(* Let $n\ge1$ and $\lambda\in\mathcal O(n)$, and let $\mu=\mathrm{Syl}(\lambda)\in\mathcal D(n)$ be the image of $\lambda$ under Sylvester's bijection. Then $\lambda^2\in\mathcal O(2n)$ and $\Phi(\lambda^2)=2\mu:=(2\mu_1,2\mu_2,\dots,2\mu_{\ell(\mu)})$.
   Context: A partition $\lambda$ of $n$ is a non-increasing sequence $\lambda=(\lambda_1,\dots,\lambda_\ell)$ of positive integers with sum $n$; $\ell(\lambda)=\ell$ is its length, and by convention $\lambda_j=0$ for $j>\ell$. $\mathcal O(n)$ is the set of partitions of $n$ all of whose parts are odd; $\mathcal D(n)$ is the set of partitions of $n$ with distinct parts. $m_i(\lambda)$ is the multiplicity of $i$ as a part of $\lambda$. The conjugate $\lambda'$ is given by $\lambda'_i=\#\{j:\lambda_j\ge i\}$. For partitions $\alpha,\beta$, $\alpha\circ\beta$ is the partition whose parts are all parts of $\alpha$ and of $\beta$ in non-increasing order, and $\alpha^2=\alpha\circ\alpha=(\alpha_1,\alpha_1,\alpha_2,\alpha_2,\dots)$. Sylvester's bijection $\mathrm{Syl}:\mathcal O(n)\to\mathcal D(n)$: for $\lambda\in\mathcal O(n)$ let $d=\max\{j:\lambda_j\ge 2j-1\}$; set $\epsilon=0$ if $\lambda_d>2d-1$ and $\epsilon=1$ if $\lambda_d=2d-1$. Then $\mathrm{Syl}(\lambda)=\mu$ has $2d-\epsilon$ parts given by $\mu_{2j-1}=\frac{\lambda_j+1}{2}+\lambda'_{2j-1}-2j+1$ for $j=1,\dots,d$, and $\mu_{2j}=\frac{\lambda_j-1}{2}+\lambda'_{2j+1}-2j+1$ for $j=1,\dots,d-\epsilon$. Bressoud's map $B$: for $\beta\in\mathcal O(n)\cap\mathcal D(n)$, decompose the parts of $\beta$ into runs (maximal sequences of consecutive odd integers all occurring as parts of $\beta$). For a run $2m-1>\dots>2m-2k+1$ form pairs $(2m-1,2m-3),(2m-5,2m-7),\dots$ from the largest term; if $k$ is odd the remaining smallest term $c$ becomes the pair $(\frac{c+1}{2},\frac{c-1}{2})$. Concatenate all pairs (runs in decreasing order) into $\pi=(\pi_1,\dots,\pi_{2s})$ with pairs $(\pi_{2j-1},\pi_{2j})$. A pair interchange replaces adjacent pairs $(a+1,a),(2b+1,2b-1)$ in positions $2j-1,\dots,2j+2$ with $a\le 2b+1$ by $(2b+3,2b+1,a-1,a-2)$. Apply pair interchanges (leftmost first) until none is possible and delete zero entries to get $B(\beta)$; $B$ of the empty partition is empty. Insertion: for a partition $\gamma$ (with $\gamma_k=0$ for $k>\ell(\gamma)$) and an integer $a\ge1$, define $I_a(\gamma)$: for $j=0,1,2,\dots$ in turn, if $j=a-1$ set $I_a(\gamma)=(\gamma_1+2,\dots,\gamma_{2j}+2,\gamma_{2j+1}+2,\gamma_{2j+2},\dots)$ and stop; otherwise, if $2a-2j-2>\gamma_{2j+1}$ set $I_a(\gamma)=(\gamma_1+2,\dots,\gamma_{2j}+2,2a-2j,2a-2j-2,\gamma_{2j+1},\gamma_{2j+2},\dots)$ and stop; otherwise pass to $j+1$. Zero entries are discarded. The map $\Phi:\mathcal O(n)\to\mathcal D(n)$: for $\lambda\in\mathcal O(n)$ write uniquely $\lambda=\alpha^2\circ\beta$ with $\beta$ having distinct parts. Let $t=\ell(\alpha)$, $\alpha_i=2a_i-1$. Set $\gamma^{(0)}=B(\beta)$, $\gamma^{(i)}=I_{a_i}(\gamma^{(i-1)})$ for $i=1,\dots,t$, and $\Phi(\lambda)=\gamma^{(t)}$. *)

(* Partitions are represented as sequences of naturals
   (parts listed in non-increasing order); lambda_j = nth 0 lambda (j-1). *)
From mathcomp Require Import all_boot.
Set Implicit Arguments. Unset Strict Implicit. Unset Printing Implicit Defensive.

Definition is_partition (n : nat) (l : seq nat) : bool :=
  [&& sorted geq l, all (fun x => 0 < x) l & sumn l == n].

Definition in_O (n : nat) (l : seq nat) : bool := is_partition n l && all odd l.

Definition in_D (n : nat) (l : seq nat) : bool := is_partition n l && uniq l.

(* the j-th part (1-based), 0 beyond the length *)
Definition part (l : seq nat) (j : nat) : nat := nth 0 l j.-1.

Definition conj_part (l : seq nat) (i : nat) : nat := count (fun x => i <= x) l.

Definition psq (l : seq nat) : seq nat := flatten [seq [:: x; x] | x <- l].

Definition pdouble (l : seq nat) : seq nat := [seq 2 * x | x <- l].

(* d = max { j : lambda_j >= 2j - 1 }  (0 if no such j) *)
Definition syl_d (l : seq nat) : nat :=
  foldr maxn 0 [seq j.+1 | j <- iota 0 (size l) & (2 * j).+1 <= nth 0 l j].

Definition syl_eps (l : seq nat) : bool := part l (syl_d l) == (2 * syl_d l).-1.

Definition syl_odd (l : seq nat) (j : nat) : nat :=
  (part l j).+1./2 + conj_part l (2 * j).-1 + 1 - 2 * j.
Definition syl_even (l : seq nat) (j : nat) : nat :=
  (part l j).-1./2 + conj_part l (2 * j).+1 + 1 - 2 * j.

Definition Syl (l : seq nat) : seq nat :=
  let d := syl_d l in
  flatten [seq (if (j == d) && syl_eps l then [:: syl_odd l j]
                else [:: syl_odd l j; syl_even l j]) | j <- iota 1 d].

(* decomposition of a decreasing seq of odd numbers into maximal runs of
   consecutive odd integers *)
Fixpoint runs (s : seq nat) : seq (seq nat) :=
  match s with
  | [::] => [::]
  | x :: s' =>
    match runs s' with
    | (y :: r) :: rs => if y + 2 == x then (x :: y :: r) :: rs
                        else [:: x] :: (y :: r) :: rs
    | rs => [:: x] :: rs
    end
  end.

Fixpoint run_pairs (r : seq nat) : seq nat :=
  match r with
  | x :: y :: r' => x :: y :: run_pairs r'
  | [:: c] => [:: c.+1./2; c./2]
  | [::] => [::]
  end.

Definition bressoud_pi (b : seq nat) : seq nat :=
  flatten [seq run_pairs r | r <- runs b].

Fixpoint interchange (p : seq nat) : option (seq nat) :=
  match p with
  | x1 :: x2 :: rest =>
    match rest with
    | x3 :: x4 :: tl =>
      if [&& x1 == x2.+1, odd x3, x4 + 2 == x3 & x2 <= x3]
      then Some (x3.+2 :: x3 :: x2.-1 :: x2.-2 :: tl)
      else option_map (fun q => x1 :: x2 :: q) (interchange rest)
    | _ => None
    end
  | _ => None
  end.

Fixpoint interchange_iter (fuel : nat) (p : seq nat) : seq nat :=
  match fuel with
  | 0 => p
  | f.+1 => match interchange p with
            | Some q => interchange_iter f q
            | None => p
            end
  end.

(* Each interchange swaps a "(a+1,a)"-pair with the following odd pair, so the
   number of interchanges is at most (#pairs)^2 <= (size pi)^2; the fuel below
   therefore always suffices to reach the state where none is possible. *)
Definition B (b : seq nat) : seq nat :=
  let p := bressoud_pi b in
  [seq x <- interchange_iter ((size p) ^ 2).+1 p | x != 0].

(* first j in 0..a-2 with 2a-2j-2 > gamma_{2j+1}, and a-1 if there is none *)
Definition ins_j (a : nat) (g : seq nat) : nat :=
  find (fun j => nth 0 g (2 * j) < 2 * a - 2 * j - 2) (iota 0 a.-1).

Definition ins (a : nat) (g : seq nat) : seq nat :=
  let j := ins_j a g in
  let g' := g ++ nseq (2 * a) 0 in
  [seq x <- (if j == a.-1 then
               [seq x + 2 | x <- take (2 * j).+1 g'] ++ drop (2 * j).+1 g'
             else
               [seq x + 2 | x <- take (2 * j) g'] ++
               [:: 2 * a - 2 * j; 2 * a - 2 * j - 2] ++ drop (2 * j) g')
  | x != 0].

(* lambda = alpha^2 o beta with beta having distinct parts *)
Definition phi_alpha (l : seq nat) : seq nat :=
  flatten [seq nseq (count_mem v l)./2 v | v <- undup l].
Definition phi_beta (l : seq nat) : seq nat :=
  [seq v <- undup l | odd (count_mem v l)].

(* gamma^(0) = B beta, gamma^(i) = I_{a_i}(gamma^(i-1)), alpha_i = 2 a_i - 1 *)
Definition Phi (l : seq nat) : seq nat :=
  foldl (fun g x => ins x.+1./2 g) (B (phi_beta l)) (phi_alpha l).

(* The square of lambda has no unpaired part, so Phi builds its image by inserting the
   parts 2a - 1 of lambda one at a time, largest first, into the empty partition. It is
   therefore enough to show that inserting the smallest part x = 2a - 1 of [rcons l x] into
   2 Syl(l) gives 2 Syl(rcons l x). Appending x raises l'_c by one exactly for c <= x,
   hence raises mu_1, ..., mu_(2a-1) by one; and with d the Sylvester index of l the
   insertion stops at j = min(d, a-1). For a <= d + 1 it only adds 2 to the first 2a - 1
   parts (creating the new part 2 = 2 mu_(2d+1) when a = d + 1), while for a > d + 1 it
   appends the new pair 2 (a - d), 2 (a - d - 1) = 2 mu_(2d+1), 2 mu_(2d+2). *)

From mathcomp Require Import all_boot zify.
Set Implicit Arguments. Unset Strict Implicit. Unset Printing Implicit Defensive.

Lemma geq_trans : transitive geq.
Proof. exact: rev_trans leq_trans. Qed.

Lemma sorted_geq_nth s : sorted geq s -> {homo nth 0 s : i j /~ i <= j}.
Proof.
move=> s_sorted i j le_ji; have [lt_is|ge_is] := ltnP i (size s); last by rewrite nth_default.
by apply: (sorted_leq_nth geq_trans leqnn) => //; rewrite inE; lia.
Qed.

Lemma sorted_rcons_prefix (T : Type) (leT : rel T) s x :
  sorted leT (rcons s x) -> sorted leT s.
Proof. by case: s => //= y s; rewrite rcons_path => /andP []. Qed.

Lemma sorted_flatten_nseq (c : nat -> nat) u :
  sorted geq u -> sorted geq (flatten [seq nseq (c v) v | v <- u]).
Proof.
rewrite !sorted_pairwise; [|exact: geq_trans..].
elim: u => //= v u IH /andP [v_ge pu]; rewrite pairwise_cat IH // andbT.
apply/andP; split.
  apply/allrelP => y z /nseqP [-> _] /flattenP [_ /mapP [w wu ->] /nseqP [-> _]].
  exact: (allP v_ge).
by elim: (c v) => //= n ->; rewrite all_nseq /= leqnn orbT.
Qed.

Lemma iota1S m : iota 1 m.+1 = rcons (iota 1 m) m.+1.
Proof. by rewrite -cats1 -[m.+1]addn1 iotaD addnC. Qed.

Lemma foldr_maxn_iota m D :
  foldr maxn 0 [seq j.+1 | j <- iota m D] = if D is 0 then 0 else m + D.
Proof. by elim: D m => [//|D IH] m /=; rewrite IH; case: D {IH}; lia. Qed.

Lemma find_iota0 (P : pred nat) n m : m <= n -> (forall j, j < m -> ~~ P j) ->
  (m < n -> P m) -> find P (iota 0 n) = m.
Proof.
move=> le_mn notP_below P_m; rewrite -(subnKC le_mn) iotaD find_cat.
rewrite ifF; last by apply/negbTE/hasPn => j; rewrite mem_iota => /andP [_ /notP_below].
rewrite size_iota add0n; case def_nm: (n - m) => [|r] /=; first by rewrite addn0.
by rewrite P_m ?addn0 //; lia.
Qed.

Lemma eq_in_mkseq (T : Type) (f g : nat -> T) n :
  (forall i, i < n -> f i = g i) -> mkseq f n = mkseq g n.
Proof. by move=> eq_fg; apply/eq_in_map => i; rewrite mem_iota => /andP [_ /eq_fg]. Qed.

Lemma filter_neq0_mkseq (f : nat -> nat) m n : m <= n ->
  (forall i, i < m -> f i != 0) -> (forall i, m <= i < n -> f i = 0) ->
  [seq y <- mkseq f n | y != 0] = mkseq f m.
Proof.
move=> le_mn f_neq0 f_eq0; rewrite /mkseq -(subnKC le_mn) iotaD map_cat filter_cat.
rewrite (eq_in_filter (a2 := predT)) ?filter_predT; last first.
  by move=> y /mapP [i]; rewrite mem_iota => /andP [_ /f_neq0] ? ->.
rewrite (eq_in_filter (a2 := pred0)) ?filter_pred0 ?cats0 //.
by move=> y /mapP [i]; rewrite mem_iota => /andP [? ?] ->; rewrite f_eq0 //; lia.
Qed.

Lemma filter_neq0_nseq n : [seq y <- nseq n 0 | y != 0] = [::].
Proof. by elim: n. Qed.

Lemma map_add2_take_cat_drop (g : seq nat) m : m <= size g ->
  [seq y + 2 | y <- take m g] ++ drop m g = mkseq (fun i => nth 0 g i + 2 * (i < m)) (size g).
Proof.
move=> le_mg; apply: (eq_from_nth (x0 := 0)).
  by rewrite size_cat size_map size_takel // size_drop size_mkseq; lia.
move=> i; rewrite size_cat size_map size_takel // size_drop => lt_i.
rewrite nth_mkseq; last lia.
rewrite nth_cat size_map size_takel //; case: ifP => lt_im.
  by rewrite (nth_map 0) ?size_takel // nth_take // muln1.
by rewrite nth_drop muln0 addn0 subnKC // leqNgt lt_im.
Qed.

Lemma nat_double_ind (P : nat -> Prop) :
  (forall m, P (2 * m)) -> (forall m, P (2 * m).+1) -> forall i, P i.
Proof.
move=> P_even P_odd i; rewrite -(odd_double_half i) -mul2n.
by case: (odd i); [rewrite add1n; apply: P_odd | apply: P_even].
Qed.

★ ★ ★

Goal of the exercise ▸ Starting with the line above that holds "rs => [:: x] :: rs" and stopping with the line that holds "x3 :: x4 :: tl =>", reproduce each line exactly, omitting all other lines.

Solved problem ▸
    | rs => [:: x] :: rs
    end
  end.

Fixpoint run_pairs (r : seq nat) : seq nat :=
  match r with
  | x :: y :: r' => x :: y :: run_pairs r'
  | [:: c] => [:: c.+1./2; c./2]
  | [::] => [::]
  end.

Definition bressoud_pi (b : seq nat) : seq nat :=
  flatten [seq run_pairs r | r <- runs b].

Fixpoint interchange (p : seq nat) : option (seq nat) :=
  match p with
  | x1 :: x2 :: rest =>
    match rest with
    | x3 :: x4 :: tl =>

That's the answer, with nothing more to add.